The Ministry of Construction is seeking comments on a draft resolution on controlling and curbing the epidemic. increase in real estate prices, including recommendations to tighten loan limits for second home buyers and beyond, to limit speculation and contribute to market stability.
According to the draft, credit institutions are only allowed to lend up to 50% of the purchase contract value for buyers of second homes and no more than 30% for third homes or more, except in the case of buying social housing.
"Capital regulator" for the real estate market
Talk to PV , Mr. Vo Huynh Tuan Kiet - housing director of CBRE Vietnam - commented that limiting loans for real estate purchases is considered a credit "regulator" because many investors and speculators have used financial leverage to buy many real estates, unintentionally pushing up real estate prices.
Therefore, this solution aims to limit the number of people with strong financial capacity to buy and hold many properties, while those with real housing needs have difficulty accessing them.
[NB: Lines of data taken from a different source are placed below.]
(* Index convention: coordinate 0 = i, 1 = j, 2 = k.
   l0jk, l0ki, l0ij are the initial lengths. *)
Definition W_ijk (l0jk l0ki l0ij : R) : set 'rV[R]_3 :=
  [set w | (exists l : R, 0 < l /\ cosh (l / 2) = expR (w 0 1 + w 0 2) * cosh (l0jk / 2)) /\
           (exists l : R, 0 < l /\ cosh (l / 2) = expR (w 0 2 + w 0 0) * cosh (l0ki / 2)) /\
           (exists l : R, 0 < l /\ cosh (l / 2) = expR (w 0 0 + w 0 1) * cosh (l0ij / 2))]%classic.

Definition theta_map (l0jk l0ki l0ij : R) (w : 'rV[R]_3) : 'rV[R]_3 :=
  let ljk := new_length l0jk (w 0 1) (w 0 2) in
  let lki := new_length l0ki (w 0 2) (w 0 0) in
  let lij := new_length l0ij (w 0 0) (w 0 1) in
  \row_(a < 3) [:: hexagon_opp ljk lki lij;
                   hexagon_opp lki lij ljk;
                   hexagon_opp lij ljk lki]`_a.

Definition negative_definite n (A : 'M[R]_n) : Prop :=
  A^T = A /\ forall v : 'rV[R]_n, v != 0 -> (v *m A *m v^T) 0 0 < 0.

End Hyp.

(* Write x_a = cosh l_a for the three new edge lengths.  By the cosine law of
   right-angled hexagons, cosh theta_a = (x_b x_c + x_a) / (sinh l_b sinh l_c),
   and d l_a depends only on d(w_b + w_c).  The chain rule gives
     d theta_a = - 2 / sqrt D * (N dw)_a,   D = x_0^2 + x_1^2 + x_2^2 + 2 x_0 x_1 x_2 - 1,
   for an explicit symmetric matrix N in the x_a; in the variables u_a = e^(l_a / 2)
   every step is rational, so these identities are checked by [field].  N is
   positive definite by Sylvester's criterion: with y_a = x_a - 1 > 0 its leading
   principal minors are polynomials with positive coefficients divided by
   y_0 y_1 y_2. *)

From mathcomp Require Import all_boot all_order all_algebra.
From mathcomp Require Import all_classical all_reals all_analysis.
From mathcomp Require Import ring lra.
Import Order.TTheory GRing.Theory Num.Theory.
Import numFieldNormedType.Exports.
Local Open Scope ring_scope.

Set Implicit Arguments. Unset Strict Implicit. Unset Printing Implicit Defensive.

Section PositiveQuadraticForm.
Variable R : realFieldType.

(* Sylvester's criterion for the matrix [[a, b, c], [b, d, e], [c, e, f]]. *)
Lemma sylvester3 (a b c d e f v0 v1 v2 : R) :
  0 < a -> 0 < a * d - b ^+ 2 ->
  0 < a * (d * f - e ^+ 2) - b * (b * f - c * e) + c * (b * e - d * c) ->
  [|| v0 != 0, v1 != 0 | v2 != 0] ->
  0 < a * v0 ^+ 2 + d * v1 ^+ 2 + f * v2 ^+ 2
      + 2 * b * v0 * v1 + 2 * c * v0 * v2 + 2 * e * v1 * v2.
Proof.
move=> a_gt0 m_gt0 det_gt0 v_neq0.
set m := a * d - b ^+ 2.
set D := a * (d * f - e ^+ 2) - b * (b * f - c * e) + c * (b * e - d * c).
have am_gt0 : 0 < a * m by rewrite mulr_gt0.
rewrite -(pmulr_rgt0 _ am_gt0).
have -> : a * m * (a * v0 ^+ 2 + d * v1 ^+ 2 + f * v2 ^+ 2
      + 2 * b * v0 * v1 + 2 * c * v0 * v2 + 2 * e * v1 * v2)
    = m * (a * v0 + b * v1 + c * v2) ^+ 2
      + (m * v1 + (a * e - b * c) * v2) ^+ 2 + a * D * v2 ^+ 2.
  by rewrite /m /D; ring.
have sqr_gt0 (x : R) : x != 0 -> 0 < x ^+ 2.
  by move=> x_neq0; rewrite lt_neqAle sqr_ge0 andbT eq_sym sqrf_eq0.
have [v2_eq0|v2_neq0] := eqVneq v2 0; last first.
  apply: ltr_wpDl; last by rewrite mulr_gt0 ?sqr_gt0 // mulr_gt0.
  by rewrite addr_ge0 ?sqr_ge0 // mulr_ge0 ?sqr_ge0 // ltW.
subst v2; rewrite !(mulr0, addr0, expr0n) /=.
have [v1_eq0|v1_neq0] := eqVneq v1 0; last first.
  apply: ltr_wpDl; first by rewrite mulr_ge0 ?sqr_ge0 // ltW.
  by rewrite sqr_gt0 // mulf_neq0 // gt_eqF.
subst v1; move: v_neq0; rewrite !eqxx !orbF => v0_neq0.
rewrite !(mulr0, addr0) [0 ^+ _]expr2 mul0r addr0.
by rewrite mulr_gt0 // sqr_gt0 // mulf_neq0 // gt_eqF.
Qed.

End PositiveQuadraticForm.

Ltac pospoly := repeat (apply: addr_gt0 || apply: mulr_gt0 || apply: exprn_gt0);
  try done; try (by rewrite ltr0n).

Section HexagonForm.
Variable R : realFieldType.

(* The Jacobian of theta is [- 2 / sqrt (hex_disc x0 x1 x2)] times the symmetric
   matrix with diagonal entries [hex_diag] and off-diagonal entries [hex_off],
   whose rows are [hex_row] and whose quadratic form is [hex_form]. *)

Definition hex_disc (x0 x1 x2 : R) := x0 ^+ 2 + x1 ^+ 2 + x2 ^+ 2 + 2 * x0 * x1 * x2 - 1.

Definition hex_diag (xa xb xc : R) :=
  (xc + xa * xb) / (xb - 1) + (xb + xa * xc) / (xc - 1).

Definition hex_off (xa xb xc : R) := (xa + xb - xc + 1) / (xc - 1).

Definition hex_row (xa xb xc va vb vc : R) :=
  hex_diag xa xb xc * va + hex_off xa xb xc * vb + hex_off xa xc xb * vc.

Definition hex_form (x0 x1 x2 v0 v1 v2 : R) :=
  v0 * hex_row x0 x1 x2 v0 v1 v2 + v1 * hex_row x1 x2 x0 v1 v2 v0
  + v2 * hex_row x2 x0 x1 v2 v0 v1.

Lemma hex_discC (x0 x1 x2 : R) : hex_disc x1 x2 x0 = hex_disc x0 x1 x2.
Proof. by rewrite /hex_disc; ring. Qed.

Lemma hex_offC (xa xb xc : R) : hex_off xb xa xc = hex_off xa xb xc.
Proof. by rewrite /hex_off; congr (_ / _); ring. Qed.

Lemma hex_disc_gt0 (x0 x1 x2 : R) : 1 < x0 -> 1 < x1 -> 1 < x2 -> 0 < hex_disc x0 x1 x2.
Proof.
move=> x0_gt1 x1_gt1 x2_gt1.
have : 0 < x0 * x1 * x2 by rewrite !mulr_gt0 // (lt_trans ltr01).
rewrite /hex_disc; nra.
Qed.

Lemma hex_form_gt0 (x0 x1 x2 v0 v1 v2 : R) : 1 < x0 -> 1 < x1 -> 1 < x2 ->
  [|| v0 != 0, v1 != 0 | v2 != 0] -> 0 < hex_form x0 x1 x2 v0 v1 v2.
Proof.
rewrite -[x0](subrK 1) -[x1](subrK 1) -[x2](subrK 1) !ltrDr.
move: (x0 - 1) (x1 - 1) (x2 - 1) => y0 y1 y2 y0_gt0 y1_gt0 y2_gt0 v_neq0.
have [y0_neq0 y1_neq0 y2_neq0] : [/\ y0 != 0, y1 != 0 & y2 != 0].
  by rewrite !gt_eqF.
set a := hex_diag (y0 + 1) (y1 + 1) (y2 + 1).
set b := hex_off (y0 + 1) (y1 + 1) (y2 + 1).
set c := hex_off (y0 + 1) (y2 + 1) (y1 + 1).
set d := hex_diag (y1 + 1) (y2 + 1) (y0 + 1).
set e := hex_off (y1 + 1) (y2 + 1) (y0 + 1).
set f := hex_diag (y2 + 1) (y0 + 1) (y1 + 1).
have -> : hex_form (y0 + 1) (y1 + 1) (y2 + 1) v0 v1 v2 =
    a * v0 ^+ 2 + d * v1 ^+ 2 + f * v2 ^+ 2
    + 2 * b * v0 * v1 + 2 * c * v0 * v2 + 2 * e * v1 * v2.
  rewrite /hex_form /hex_row -/a -/b -/c -/d -/e -/f.
  rewrite [hex_off (y1 + 1) _ _]hex_offC [hex_off (y2 + 1) (y0 + 1) _]hex_offC.
  rewrite [hex_off (y2 + 1) _ _]hex_offC -/b -/c -/e; ring.
apply: sylvester3 => //.
- by rewrite /a /hex_diag !addrK; apply: addr_gt0; apply: divr_gt0; pospoly.
- have -> : a * d - b ^+ 2 =
      ((4%:R * y2) + (4%:R * y2^+2) + (y2^+3) + (4%:R * y1) + (8%:R * y1 * y2)
       + (3%:R * y1 * y2^+2) + (4%:R * y1^+2) + (3%:R * y1^+2 * y2) + (y1^+3) + (4%:R * y0)
       + (8%:R * y0 * y2) + (3%:R * y0 * y2^+2) + (16%:R * y0 * y1) + (14%:R * y0 * y1 * y2)
       + (4%:R * y0 * y1 * y2^+2) + (11%:R * y0 * y1^+2) + (6%:R * y0 * y1^+2 * y2)
       + (2%:R * y0 * y1^+3) + (4%:R * y0^+2) + (3%:R * y0^+2 * y2) + (11%:R * y0^+2 * y1)
       + (6%:R * y0^+2 * y1 * y2) + (4%:R * y0^+2 * y1^+2) + (4%:R * y0^+2 * y1^+2 * y2)
       + (y0^+3) + (2%:R * y0^+3 * y1)) / (y0 * y1 * y2).
    rewrite /a /b /d /hex_diag /hex_off !addrK.
    by field; rewrite y0_neq0 y1_neq0 y2_neq0.
  by rewrite divr_gt0 //; pospoly.
- have -> : a * (d * f - e ^+ 2) - b * (b * f - c * e) + c * (b * e - d * c) =
      (32%:R + (64%:R * y2) + (48%:R * y2^+2) + (16%:R * y2^+3) + (2%:R * y2^+4)
       + (64%:R * y1) + (96%:R * y1 * y2) + (48%:R * y1 * y2^+2) + (8%:R * y1 * y2^+3)
       + (48%:R * y1^+2) + (48%:R * y1^+2 * y2) + (12%:R * y1^+2 * y2^+2) + (16%:R * y1^+3)
       + (8%:R * y1^+3 * y2) + (2%:R * y1^+4) + (64%:R * y0) + (96%:R * y0 * y2)
       + (48%:R * y0 * y2^+2) + (8%:R * y0 * y2^+3) + (96%:R * y0 * y1)
       + (128%:R * y0 * y1 * y2) + (56%:R * y0 * y1 * y2^+2) + (8%:R * y0 * y1 * y2^+3)
       + (48%:R * y0 * y1^+2) + (56%:R * y0 * y1^+2 * y2) + (16%:R * y0 * y1^+2 * y2^+2)
       + (8%:R * y0 * y1^+3) + (8%:R * y0 * y1^+3 * y2) + (48%:R * y0^+2)
       + (48%:R * y0^+2 * y2) + (12%:R * y0^+2 * y2^+2) + (48%:R * y0^+2 * y1)
       + (56%:R * y0^+2 * y1 * y2) + (16%:R * y0^+2 * y1 * y2^+2) + (12%:R * y0^+2 * y1^+2)
       + (16%:R * y0^+2 * y1^+2 * y2) + (8%:R * y0^+2 * y1^+2 * y2^+2) + (16%:R * y0^+3)
       + (8%:R * y0^+3 * y2) + (8%:R * y0^+3 * y1) + (8%:R * y0^+3 * y1 * y2)
       + (2%:R * y0^+4)) / (y0 * y1 * y2).
    rewrite /a /b /c /d /e /f /hex_diag /hex_off !addrK.
    by field; rewrite y0_neq0 y1_neq0 y2_neq0.
  by rewrite divr_gt0 //; pospoly.
Qed.

End HexagonForm.

Section DeriveRules.
Variable R : realType.
Implicit Types (f g : R -> R) (t a b : R).

Lemma is_derive1D f g t a b : is_derive t 1 f a -> is_derive t 1 g b ->
  is_derive t 1 (fun x => f x + g x) (a + b).
Proof. exact: is_deriveD. Qed.

Lemma is_derive1N f t a : is_derive t 1 f a -> is_derive t 1 (fun x => - f x) (- a).
Proof. exact: is_deriveN. Qed.

Lemma is_derive1M f g t a b : is_derive t 1 f a -> is_derive t 1 g b ->
  is_derive t 1 (fun x => f x * g x) (f t * b + g t * a).
Proof. exact: is_deriveM. Qed.

Lemma is_derive1V f t a : is_derive t 1 f a -> f t != 0 ->
  is_derive t 1 (fun x => (f x)^-1) (- a / f t ^+ 2).
Proof.
move=> df ft_neq0; apply: is_derive_eq (is_deriveV ft_neq0 df) _.
by rewrite [_ *: _]/(_ * _) mulrC mulrN -mulNr.
Qed.

Lemma is_derive1_chain f g t a b : is_derive (g t) 1 f a -> is_derive t 1 g b ->
  is_derive t 1 (fun x => f (g x)) (a * b).
Proof. exact: is_derive1_comp. Qed.

Lemma is_derive_affine (a b t : R) : is_derive t 1 (fun h : R => h * a + b) a.
Proof.
have := is_derive1D (is_derive1M (is_derive_id t 1) (is_derive_cst a t 1))
  (is_derive_cst b t 1).
by move/is_derive_eq; apply; rewrite /=; ring.
Qed.

End DeriveRules.

Section Hyperbolic.
Variable R : realType.
Implicit Types (x z : R).

Lemma cosh_expRV x : cosh x = (expR x + (expR x)^-1) / 2.
Proof. by rewrite /cosh expRN. Qed.

Lemma sinh_expRV x : sinh x = (expR x - (expR x)^-1) / 2.
Proof. by rewrite /sinh expRN. Qed.

Lemma cosh_sinh_gt x : 0 < x -> [/\ 1 < cosh x, 0 < sinh x & sinh x < cosh x].
Proof.
move=> x_gt0; rewrite cosh_expRV sinh_expRV.
have e_gt1 : 1 < expR x by exact: pexpR_gt1.
have e_gt0 : 0 < expR x by exact: expR_gt0.
have ei_gt0 : 0 < (expR x)^-1 by rewrite invr_gt0.
have ei_lt1 : (expR x)^-1 < 1 by rewrite invf_lt1.
have eV : expR x * (expR x)^-1 = 1 by rewrite mulfV // gt_eqF.
split; nra.
Qed.

Lemma is_derive_expRN x : is_derive x 1 (fun y : R => expR (- y)) (- expR (- x)).
Proof.
have dN : is_derive x 1 (fun y : R => - y) (- 1) := is_derive1N (is_derive_id x 1).
apply: is_derive_eq (@is_derive1_chain _ expR _ x _ _ (is_derive_expR (- x)) dN) _.
by rewrite mulrN1.
Qed.

Lemma is_derive_cosh x : is_derive x 1 (@cosh R) (sinh x).
Proof.
have := is_derive1M (is_derive1D (is_derive_expR x) (is_derive_expRN x))
  (is_derive_cst (2^-1 : R) x 1).
by move/is_derive_eq; apply; rewrite /sinh /=; field.
Qed.

Lemma is_derive_sinh x : is_derive x 1 (@sinh R) (cosh x).
Proof.
have := is_derive1M (is_derive1D (is_derive_expR x) (is_derive1N (is_derive_expRN x)))
  (is_derive_cst (2^-1 : R) x 1).
by move/is_derive_eq; apply; rewrite /cosh /=; field.
Qed.

Lemma sqr_sub1_gt0 z : 1 < z -> 0 < z ^+ 2 - 1.
Proof. by move=> z_gt1; rewrite subr_gt0 -[1](expr1n _ 2) ltrXn2r // (lt_trans ltr01). Qed.

Lemma is_derive_acosh z : 1 < z ->
  is_derive z 1 (@acosh R) (Num.sqrt (z ^+ 2 - 1))^-1.
Proof.
move=> z_gt1; have r2_gt0 := sqr_sub1_gt0 z_gt1.
set r := Num.sqrt _; have r_gt0 : 0 < r by rewrite sqrtr_gt0.
have dr2 := is_derive1D (is_derive1M (is_derive_id z 1) (is_derive_id z 1))
  (is_derive_cst (-1 : R) z 1).
have dr := @is_derive1_chain _ Num.sqrt _ z _ _ (is_derive1_sqrt r2_gt0) dr2.
have := @is_derive1_chain _ (@ln R) _ z _ _ (is_derive1_ln _)
  (is_derive1D (is_derive_id z 1) dr).
rewrite /= -expr2 -/r; move/(_ ltac:(lra))/is_derive_eq; apply.
by field; rewrite !gt_eqF //; lra.
Qed.

Lemma expR_acosh z : 1 < z -> let u := expR (acosh z) in
  [/\ 1 < u, z = (u + u^-1) / 2 & Num.sqrt (z ^+ 2 - 1) = (u - u^-1) / 2].
Proof.
move=> z_gt1 u; have r2_gt0 := sqr_sub1_gt0 z_gt1.
set r := Num.sqrt _; have r_gt0 : 0 < r by rewrite sqrtr_gt0.
have rr : r ^+ 2 = z ^+ 2 - 1 by rewrite sqr_sqrtr // ltW.
have uE : u = z + r by rewrite /u /acosh -/r lnK // posrE; lra.
have u_neq0 : u != 0 by rewrite uE gt_eqF //; lra.
have uV : u^-1 = z - r.
  apply: (mulfI u_neq0); rewrite mulfV // uE.
  by transitivity (z ^+ 2 - r ^+ 2); [rewrite rr|]; ring.
by rewrite uV uE; split; [lra | field | field].
Qed.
"If implemented, this move will have a positive impact in helping to reduce credit to some extent. real estate, especially related to investment. They will consider very carefully in their investment strategy to optimize profits when using financial leverage," Mr. Kiet said.
However, Mr. Kiet commented that this solution mainly only restrains the investment level of those using financial leverage, while those with strong financial potential will not be affected. In addition, the side effects of this solution will create strong fluctuations, reduce the flow of supply and demand and trading rhythm in the market.
Similarly, Ms. Giang Huynh - representative of Savills HCMC - said that the measure to limit loans for second homes and beyond could contribute to reducing speculative activities, but at the same time it would also reduce capital flows from long-term investors and affect the overall liquidity of the market.
According to her, in the context of the real estate market in Ho Chi Minh City and the whole country facing a prolonged shortage of supply, tightening credit could make the market more sluggish.
Fear of "wrongly squeezing" real buyers
Talk to Tuoi Tre Online , an investor in large real estate projects in the South, said that the credit tightening policy has not clearly distinguished between buyers for real residence (buying for parents, children, relatives, etc.) and buyers for long-term rental, sustainable investment.
For example, parents have 2 children and want to borrow money to buy and build 2 more houses in addition to the house they are living in so that the 2 children will have the conditions when they start their own families, but the children themselves do not have enough income to borrow to buy a house.
Therefore, this regulation may cause more difficulties for parents or also make it difficult for local officials who want to rent more apartments at work, making it impossible for those with real needs to buy a house, leading to the risk of "wrongly squeezing" even legal consumers.
According to this person, Vietnam does not have a strong enough national housing data management system, making it difficult to determine which house a borrower owns.
In addition, this regulation has not clearly defined whether the housing is formed in the future or available. With housing formed in the future, there may be a risk that the house will encounter unforeseen problems that lead to the inability to complete, home buyers lost all capital on the first home but were limited in borrowing to buy a second home, leading to increased financial pressure for buyers with real needs.
"This measure may not solve the problem of rising housing prices, but will also have a negative impact on the real estate market, increasing inventory, directly affecting real estate businesses and related supporting industries," he said.